- [Exercise goal]:
Among the entries below, one line contains "have wjlj_gt0 : 0" and another contains "by rewrite -(ltr_nat". Transcribe those two lines and every line between them, exactly.

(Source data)
-=-=-

(* Let $X,Y$ be finite abelian groups and $Q\in M_{X\times Y}(\mathbb T)$ arbitrary. Then for $i,j\in X$ the matrix $\sum_{a\in Y}W_{ia,jb}$ does not depend on $b\in Y$, and there is a $*$-representation $\pi:C(Y\wr_*X)\to M_{X\times Y}(\mathbb C)$ with $$\pi(u_{ab}^{(i)})=\sum_{j\in X}W_{ia,jb},\qquad \pi(v_{ij})=\sum_{a\in Y}W_{ia,jb},$$ such that $\pi_Q=\pi\circ\Phi$, where $\Phi:C(S^+_{X\times Y})\to C(Y\wr_*X)$ is the morphism $u_{ia,jb}\mapsto u^{(i)}_{ab}v_{ij}$.
   Context: Finite abelian groups are written additively. For a finite abelian group $Z\simeq\mathbb Z_{N_1}\times\cdots\times\mathbb Z_{N_s}$, $F_Z=F_{N_1}\otimes\cdots\otimes F_{N_s}$ with $F_n=(e^{2\pi ijk/n})_{j,k\in\mathbb Z_n}$. Let $F=F_X$, $L=F_Y$, $M=|X|$, $N=|Y|$, and $(W_{ia,jb})_{kc,ld}=\frac{1}{MN}\frac{Q_{ic}Q_{jd}}{Q_{id}Q_{jc}}F_{i-j,k-l}L_{a-b,c-d}$. $C(S_Z^+)$ is the universal $C^*$-algebra generated by the entries of a magic matrix indexed by a finite set $Z$ (entries orthogonal projections, rows and columns summing to $1$), with $\Delta(u_{ij})=\sum_ku_{ik}\otimes u_{kj}$; $\pi_Q:C(S^+_{X\times Y})\to M_{X\times Y}(\mathbb C)$ is $u_{ia,jb}\mapsto W_{ia,jb}$. $C(Y)$ is regarded as the quotient of $C(S_Y^+)$ by the relations $u_{ab}=u_{cd}$ whenever $a-b=c-d$ (so $u_{ab}$ is the indicator function of $a-b$), and similarly $C(X)$ as a quotient of $C(S_X^+)$ with generators $v_{ij}$. The free wreath product $C(Y\wr_*X)$ is the quotient of the free product $C(Y)^{*X}*C(X)$ (with $u^{(i)}_{ab}$ the generators of the $i$-th copy of $C(Y)$) by the relations $[u^{(i)}_{ab},v_{ij}]=0$, with the Hopf structure making $w_{ia,jb}=u^{(i)}_{ab}v_{ij}$ a magic corepresentation. *)

From mathcomp Require Import all_boot all_order all_algebra.
From mathcomp Require Import reals trigo.
From mathcomp Require Import complex.

Set Implicit Arguments.
Unset Strict Implicit.
Unset Printing Implicit Defensive.

Import GRing.Theory Num.Theory.
Local Open Scope ring_scope.
Local Open Scope complex_scope.

(* Finite abelian groups  Z = Z_{N_0} x ... x Z_{N_{s-1}}  (with 1 < N k).   *)

Definition agrp (s : nat) (N : 'I_s -> nat) : finType :=
  {dffun forall k : 'I_s, 'Z_(N k)}.

Definition gsub (s : nat) (N : 'I_s -> nat) (x y : agrp N) : agrp N :=
  [ffun k => x k - y k].

Definition omega (R : realType) (n : nat) : R[i] :=
  cos (2 * pi / n%:R) +i* sin (2 * pi / n%:R).

Definition fourier (R : realType) (s : nat) (N : 'I_s -> nat)
  (x y : agrp N) : R[i] :=
  \prod_(k < s) omega R (N k) ^+ ((x k : nat) * (y k : nat))%N.

(* Matrices in M_{X x Y}(C), indexed through an enumeration of X x Y.        *)

Definition idx (T : finType) := #|{: T}|.

Definition mxof (R : realType) (T : finType) (f : T -> T -> R[i])
  : 'M[R[i]]_(idx T) :=
  \matrix_(p, q) f (enum_val p) (enum_val q).

Definition adj (R : realType) (n : nat) (A : 'M[R[i]]_n) : 'M[R[i]]_n :=
  (map_mx conjc A)^T.

Definition Wmx (R : realType) (s : nat) (N : 'I_s -> nat)
  (t : nat) (Nt : 'I_t -> nat) (Q : agrp N -> agrp Nt -> R[i])
  (i : agrp N) (a : agrp Nt) (j : agrp N) (b : agrp Nt)
  : 'M[R[i]]_(idx (agrp N * agrp Nt)%type) :=
  mxof (fun kc ld : (agrp N * agrp Nt)%type =>
    let k := kc.1 in let c := kc.2 in let l := ld.1 in let d := ld.2 in
    ((idx (agrp N))%:R * (idx (agrp Nt))%:R)^-1
      * (Q i c * Q j d / (Q i d * Q j c))
      * fourier R (gsub i j) (gsub k l)
      * fourier R (gsub a b) (gsub c d)).
Definition served_before (k : 'I_n) (m : nat) : nat :=
  count (fun m' => (m' %% n == k)%N && tx T m') (iota 0 m).

Definition arrived_upto (k : 'I_n) (x : R) : nat :=
  count (fun p => arr T k p <= x) (iota 0 (np T k)).

Definition valid : Prop :=
     (forall k, (0 < w T k)%N) /\
      (forall k, 0 < lmin T k /\ lmin T k <= lmax T k) /\
      (forall k p, (p < np T k)%N -> lmin T k <= len T k p <= lmax T k) /\
      (forall k p, (p < np T k)%N -> 0 <= arr T k p) /\
      (* FIFO per-flow queue: packets are queued in arrival order *)
      (forall k p q, (p <= q)%N -> (q < np T k)%N -> arr T k p <= arr T k q) /\
      (* IWRR rule: at slot m (visit of flow k = m %% n in cycle c), one packet
         (the head of queue k) is sent iff c <= w_k and queue k is nonempty *)
      (forall m (k : 'I_n), (m %% n)%N = k ->
          tx T m = ((m %/ n) %% wmax < w T k)%N &&
                   (served_before k m < arrived_upto k (vis T m))%N) /\
      0 <= vis T 0 /\
      (forall m, vis T m <= fin T m) /\
      (* non-preemptive, sequential service: next visit after the current
         transmission (if any) has finished *)
      (forall m, (if tx T m then fin T m else vis T m) <= vis T m.+1).

Definition departed (k : 'I_n) (p : nat) (t : R) : Prop :=
  exists m, [/\ tx T m, (m %% n)%N = k, served_before k m = p & fin T m < t].

Definition D (k : 'I_n) (t : R) : R :=
  \sum_(p < np T k | `[< departed k p t >]) len T k p.
Definition A (k : 'I_n) (t : R) : R :=
  \sum_(p < np T k | arr T k p < t) len T k p.

Definition Dint (k : 'I_n) (s t : R) : R := D k t - D k s.

Definition backlogged_period (k : 'I_n) (s t : R) : Prop :=
  s <= t /\ forall tau, s < tau -> tau <= t -> D k tau < A k tau.

End Defs.

Definition pos_part (R : realType) (x : R) : R := Num.max x 0.

(* Let m1 and m2 be the service slots of the first and last packets of flow j that leave
   during (s, t], lying in cycles C1 <= C2, and put L = C2 - C1, W = wmax.  Every block of
   W consecutive cycles contains exactly w_k cycles where flow k may send, so these
   departures come from at most w_j (L / W + 1) eligible slots of j.  Conversely, at least
   w_i (L / W) eligible slots of i lie strictly between m1 and m2, hence inside (s, t);
   since i is backlogged, each of them transmits a packet that leaves before t.  Thus
   w_i (N_j - w_j) <= w_j N_i for the numbers of packets, and the packet size bounds
   l_min <= len <= l_max turn this count inequality into the bandwidth inequality. *)

From HB Require Import structures.
From mathcomp Require Import all_boot all_order all_algebra.
From mathcomp Require Import boolp reals.
From mathcomp Require Import zify lra.
Import Order.TTheory GRing.Theory Num.Theory.

Set Implicit Arguments.
Unset Strict Implicit.
Unset Printing Implicit Defensive.

Section ResidueCount.
Variables (W w : nat).
Hypothesis w_le_W : w <= W.

Lemma count_mod_lt_iota_period a : count (fun c => c %% W < w) (iota a W) = w.
Proof.
elim: a => [|a IH].
  rewrite (@eq_in_count _ _ (fun c => c < w)); last first.
    by move=> c; rewrite mem_iota add0n => /andP[_ /modn_small ->].
  rewrite -size_filter -{2}(size_iota 0 w); congr size.
  rewrite -(subnKC w_le_W) iotaD filter_cat (eq_in_filter (a2 := predT)); last first.
    by move=> c; rewrite mem_iota add0n => /andP[_ ->].
  rewrite filter_predT (eq_in_filter (a2 := pred0)) ?filter_pred0 ?cats0 // => c.
  by rewrite mem_iota add0n => /andP[+ _]; rewrite leqNgt => /negbTE.
have E : iota a W.+1 = a :: iota a.+1 W by [].
have : count (fun c => c %% W < w) (iota a W.+1) =
       count (fun c => c %% W < w) (iota a W) + (a %% W < w).
  by rewrite -addn1 iotaD count_cat /= addn0 modnDr.
rewrite E /= IH; lia.
Qed.

Lemma count_mod_lt_iota_mul a q : count (fun c => c %% W < w) (iota a (q * W)) = q * w.
Proof.
elim: q a => [|q IH] a; first by rewrite !mul0n.
by rewrite !mulSn iotaD count_cat count_mod_lt_iota_period IH.
Qed.

Lemma count_mod_lt_iota_ge a L : w * (L %/ W) <= count (fun c => c %% W < w) (iota a L).
Proof.
by rewrite {2}(divn_eq L W) iotaD count_cat count_mod_lt_iota_mul mulnC leq_addr.
Qed.

Hypothesis W_gt0 : 0 < W.

Lemma count_mod_lt_iota_le a L :
  count (fun c => c %% W < w) (iota a L.+1) <= w * (L %/ W).+1.
Proof.
have r_lt : (L %% W).+1 <= W by rewrite ltn_pmod.
rewrite {1}(divn_eq L W) -addnS iotaD count_cat count_mod_lt_iota_mul.
rewrite mulnS addnC [w * _]mulnC leq_add2r.
set b := a + _; rewrite -{2}(count_mod_lt_iota_period b).
by rewrite -[in iota b W](subnKC r_lt) iotaD count_cat leq_addr.
Qed.

End ResidueCount.

Lemma count_mod_lt_window_ratio W wi wj a b L : 0 < W -> wi <= W -> wj <= W ->
  wi * (count (fun c => c %% W < wj) (iota a L.+1) - wj) <=
  wj * count (fun c => c %% W < wi) (iota b L).
Proof.
move=> W_gt0 wiW wjW.
have hj := count_mod_lt_iota_le wjW W_gt0 a L.
have hi := count_mod_lt_iota_ge wiW b L.
apply: (@leq_trans (wi * (wj * (L %/ W)))).
  by rewrite leq_mul2l leq_subLR -mulnS hj orbT.
by rewrite mulnCA leq_mul2l hi orbT.
Qed.

Lemma count_iota_downward_closed (P : pred nat) N :
  (forall p q, p <= q -> q < N -> P q -> P p) ->
  forall p, p < N -> (p < count P (iota 0 N)) = P p.
Proof.
elim: N => [|N IH] Pdown p // p_lt.
rewrite -[N.+1]addn1 iotaD count_cat /= addn0 add0n.
case PN: (P N).
  have -> : count P (iota 0 N) = N.
    apply/eqP; rewrite -[X in _ == X](size_iota 0 N) -all_count.
    apply/allP => q; rewrite mem_iota add0n => /andP[_ q_lt].
    by apply: (Pdown q N) => //; apply: ltnW.
  by rewrite addn1 p_lt; symmetry; apply: (Pdown p N) => //; rewrite -ltnS.
rewrite addn0; have [p_ltN|->] : p < N \/ p = N by lia.
  by rewrite IH // => a b ab b_lt; apply: Pdown => //; apply: ltnW.
by rewrite PN ltnNge -[X in _ <= X](size_iota 0 N) count_size.
Qed.

Lemma has_iota_extrema (P : pred nat) N : has P (iota 0 N) ->
  exists p1 p2, [/\ P p1, P p2 & forall p, p < N -> P p -> p1 <= p <= p2].
Proof.
move=> /hasP[p0]; rewrite mem_iota add0n => /andP[_ p0_lt] Pp0.
have exP : exists p, (p < N) && P p by exists p0; rewrite p0_lt Pp0.
have ubP : forall p, (p < N) && P p -> p <= N by move=> p /andP[/ltnW].
have [p1 /andP[_ Pp1] min1] := ex_minnP exP.
have [p2 /andP[_ Pp2] max2] := ex_maxnP exP ubP.
exists p1, p2; split => // p p_lt Pp.
by rewrite min1 ?max2 // p_lt.
Qed.

(* The slot of flow [i] in cycle [c] is [c * n + i]; it lies strictly between the slots
   [C1 * n + j] and [C2 * n + j] exactly for [C1 + (i < j) <= c < C2 + (i < j)]. *)
Lemma interleaved_slot_between (n i j m1 m2 c : nat) :
  i < n -> j < n -> i != j -> m1 %% n = j -> m2 %% n = j ->
  m1 %/ n + (i < j) <= c < m1 %/ n + (i < j) + (m2 %/ n - m1 %/ n) ->
  m1 < c * n + i < m2.
Proof.
move=> i_lt j_lt /negbTE ij m1j m2j.
have := divn_eq m1 n; have := divn_eq m2 n; rewrite m1j m2j.
set C1 := m1 %/ n; set C2 := m2 %/ n => m2E m1E.
case: (ltngtP i j) ij => //= [ij|ji] _ /andP[lo hi].
- have cn : (C1 + 1) * n <= c * n by rewrite leq_mul2r lo orbT.
  have cn' : c * n <= C2 * n by rewrite leq_mul2r orbC -ltnS; lia.
  lia.
- have cn : C1 * n <= c * n by rewrite leq_mul2r orbC; lia.
  have cn' : (c + 1) * n <= C2 * n by rewrite leq_mul2r orbC; lia.
  lia.
Qed.

Local Open Scope ring_scope.

Lemma sum_count_bounds (R : numDomainType) (r : seq nat) (Q : pred nat) (f : nat -> R) lo hi :
  (forall x, x \in r -> lo <= f x <= hi) ->
  (count Q r)%:R * lo <= \sum_(x <- r | Q x) f x <= (count Q r)%:R * hi.
Proof.
elim: r => [|x r IH] f_bnd; first by rewrite big_nil /= !mul0r lexx.
have /andP[IHlo IHhi] := IH (fun y yr => f_bnd y (@mem_behead _ (x :: r) y yr)).
have /andP[fxlo fxhi] := f_bnd x (mem_head _ _).
rewrite big_cons /=; case: (Q x) => /=; last by rewrite add0n IHlo IHhi.
by rewrite natrD !mulrDl !mul1r !lerD.
Qed.

Lemma sum_ord_count_bounds (R : numDomainType) N (Q : pred nat) (f : nat -> R) lo hi :
  (forall x, (x < N)%N -> lo <= f x <= hi) ->
  (count Q (iota 0 N))%:R * lo <= \sum_(x < N | Q x) f x <= (count Q (iota 0 N))%:R * hi.
Proof.
move=> f_bnd; rewrite -(big_mkord Q f) /index_iota subn0.
by apply: sum_count_bounds => x; rewrite mem_iota add0n => /andP[_ /f_bnd].
Qed.

Lemma pos_part_ratio_le (R : realType) (wi wj Ni Nj : nat) (li lj Si Sj : R) :
  (0 < wi)%N -> (0 < wj)%N -> 0 < li -> 0 < lj ->
  Ni%:R * li <= Si -> Sj <= Nj%:R * lj -> (wi * (Nj - wj) <= wj * Ni)%N ->
  pos_part (Sj - wj%:R * lj) / (wj%:R * lj) <= Si / (wi%:R * li).
Proof.
move=> wi_gt0 wj_gt0 li_gt0 lj_gt0 Si_ge Sj_le ratio.
have wili_gt0 : 0 < wi%:R * li by rewrite mulr_gt0 ?ltr0n.
have wjlj_gt0 : 0 < wj%:R * lj by rewrite mulr_gt0 ?ltr0n.
have Si_ge0 : 0 <= Si by apply: le_trans Si_ge; rewrite mulr_ge0 // ltW.
rewrite /pos_part; case: (leP (Sj - wj%:R * lj) 0) => [_|excess].
  by rewrite mul0r divr_ge0 // ltW.
have wj_lt : (wj < Nj)%N.
  by rewrite -(ltr_nat R) -(ltr_pM2r lj_gt0); apply: lt_le_trans Sj_le; rewrite -subr_gt0.
have ratioR : wi%:R * (Nj%:R - wj%:R) <= wj%:R * Ni%:R :> R.
  by rewrite -natrB ?(ltnW wj_lt) // -!natrM ler_nat.
rewrite ler_pdivlMr // mulrAC ler_pdivrMr //.
have f1 : (Sj - wj%:R * lj) * (wi%:R * li) <= ((Nj%:R - wj%:R) * lj) * (wi%:R * li).
  by apply: ler_wpM2r; [exact: ltW | rewrite mulrBl lerD2r].
have f2 : (wi%:R * (Nj%:R - wj%:R)) * (lj * li) <= (wj%:R * Ni%:R) * (lj * li).
  by rewrite ler_wpM2r // mulr_ge0 // ltW.
have f3 : (wj%:R * lj) * (Ni%:R * li) <= (wj%:R * lj) * Si by rewrite ler_wpM2l // ltW.
lra.
Qed.

Section IwrrServer.
Variables (R : realType) (n : nat) (T : iwrr R n).
Hypothesis HT : valid T.

Lemma w_gt0 k : (0 < w T k)%N.
Proof. by case: HT. Qed.

Lemma lmin_gt0_le_lmax k : 0 < lmin T k /\ lmin T k <= lmax T k.
Proof. by case: HT => _ []. Qed.

Lemma len_bounds k p : (p < np T k)%N -> lmin T k <= len T k p <= lmax T k.
Proof. by case: HT => _ [_ [+ _]]; apply. Qed.

Lemma arr_fifo k p q : (p <= q)%N -> (q < np T k)%N -> arr T k p <= arr T k q.
Proof. by case: HT => _ [_ [_ [_ [+ _]]]]; apply. Qed.

Lemma tx_rule (k : 'I_n) m : (m %% n)%N = k -> tx T m =
  ((m %/ n) %% wmax T < w T k)%N && (served_before T k m < arrived_upto T k (vis T m))%N.
Proof. by case: HT => _ [_ [_ [_ [_ [+ _]]]]]; apply. Qed.

Lemma vis_le_fin m : vis T m <= fin T m.
Proof. by case: HT => _ [_ [_ [_ [_ [_ [_ [+ _]]]]]]]; apply. Qed.

Lemma next_vis_ge m : (if tx T m then fin T m else vis T m) <= vis T m.+1.
Proof. by case: HT => _ [_ [_ [_ [_ [_ [_ [_ +]]]]]]]; apply. Qed.

Lemma w_le_wmax k : (w T k <= wmax T)%N.
Proof. exact: leq_bigmax. Qed.

Lemma vis_mono m m' : (m <= m')%N -> vis T m <= vis T m'.
Proof.
move=> mm'; rewrite -(subnKC mm'); elim: (m' - m)%N => [|d IH]; first by rewrite addn0.
rewrite addnS; apply: le_trans IH _; have := next_vis_ge (m + d).
by case: tx => //; apply: le_trans (vis_le_fin _).
Qed.

Lemma fin_le_vis m m' : tx T m -> (m < m')%N -> fin T m <= vis T m'.
Proof.
by move=> txm mm'; have := next_vis_ge m; rewrite txm => /le_trans; apply; apply: vis_mono.
Qed.

Lemma served_beforeS (k : 'I_n) m : served_before T k m.+1 =
  (served_before T k m + ((m %% n == k) && tx T m))%N.
Proof. by rewrite /served_before -addn1 iotaD count_cat /= addn0. Qed.

Lemma served_before_mono (k : 'I_n) m m' :
  (m <= m')%N -> (served_before T k m <= served_before T k m')%N.
Proof.
move=> mm'; rewrite -(subnKC mm'); elim: (m' - m)%N => [|d IH]; first by rewrite addn0.
by rewrite addnS served_beforeS (leq_trans IH) ?leq_addr.
Qed.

-=-=-

- [Answer to the exercise]:
have wjlj_gt0 : 0 < wj%:R * lj by rewrite mulr_gt0 ?ltr0n.
have Si_ge0 : 0 <= Si by apply: le_trans Si_ge; rewrite mulr_ge0 // ltW.
rewrite /pos_part; case: (leP (Sj - wj%:R * lj) 0) => [_|excess].
  by rewrite mul0r divr_ge0 // ltW.
have wj_lt : (wj < Nj)%N.
  by rewrite -(ltr_nat R) -(ltr_pM2r lj_gt0); apply: lt_le_trans Sj_le; rewrite -subr_gt0.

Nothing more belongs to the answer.